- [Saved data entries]
+===+

(* Let $v_1,\dots,v_m$ be nonzero vectors spanning $\mathbb{R}^n$ ($m\ge n$), and let $c=(c_i)_{i=1}^m$ with $c_i>0$ and $\sum_i c_i=n$. Define $\phi:\mathbb{R}^m\to\mathbb{R}$ by $\phi(x_1,\dots,x_m)=\log\det\big(\sum_{i=1}^m e^{x_i}v_i\otimes v_i\big)$, and let $\phi^*(y)=\sup_{x\in\mathbb{R}^m}(\langle y,x\rangle-\phi(x))$ be its Fenchel conjugate, with $\mathrm{dom}(\phi^* )=\{y;\ \phi^*(y)<+\infty\}$. Let $D_c=\inf\{\det(\sum_i\lambda_iv_i\otimes v_i)/\prod_i\lambda_i^{c_i};\ \lambda_i>0\}$ and $K=\mathrm{conv}\{1_I;\ |I|=n,\ d_I\ne0\}$. Then: (1) $\phi$ is convex; (2) $D_c=\exp(-\phi^*(c))$ (with $\exp(-\infty)=0$); (3) $D_c>0$ if and only if $c\in\mathrm{dom}(\phi^* )$; (4) the infimum $D_c$ is attained if and only if the supremum defining $\phi^*(c)$ is attained; (5) $\mathrm{dom}(\phi^* )=K$; (6) $D_c$ is attained whenever $c$ belongs to the relative interior of $K$.
   Context: For $I\subset\{1,\dots,m\}$ with $|I|=n$: $d_I=\det((v_i)_{i\in I})^2$ and $1_I\in\mathbb{R}^m$ is the indicator vector of $I$. $v\otimes v=vv^T$. *)

From HB Require Import structures.
From mathcomp Require Import all_boot all_order all_algebra.
From mathcomp Require Import all_classical all_reals all_analysis.
Set Implicit Arguments. Unset Strict Implicit. Unset Printing Implicit Defensive.
Import Order.TTheory GRing.Theory Num.Theory.
Local Open Scope classical_set_scope.
Local Open Scope ring_scope.

Section Defs.
Variables (R : realType) (n m : nat) (v : 'I_m -> 'cV[R]_n).

Definition tens (u : 'cV[R]_n) : 'M[R]_n := u *m u^T.

Definition dotm (y x : 'rV[R]_m) : R := \sum_(i < m) y 0 i * x 0 i.

Definition phi (x : 'rV[R]_m) : R :=
  ln (\det (\sum_(i < m) expR (x 0 i) *: tens (v i))).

+===+

- [EXERCISE] Check each line of the data above for the word "Import" and copy the ones where it is found.

- [RESULT OF THE EXERCISE]
From HB Require Import structures.
From mathcomp Require Import all_boot all_order all_algebra.
From mathcomp Require Import all_classical all_reals all_analysis.
Import Order.TTheory GRing.Theory Num.Theory.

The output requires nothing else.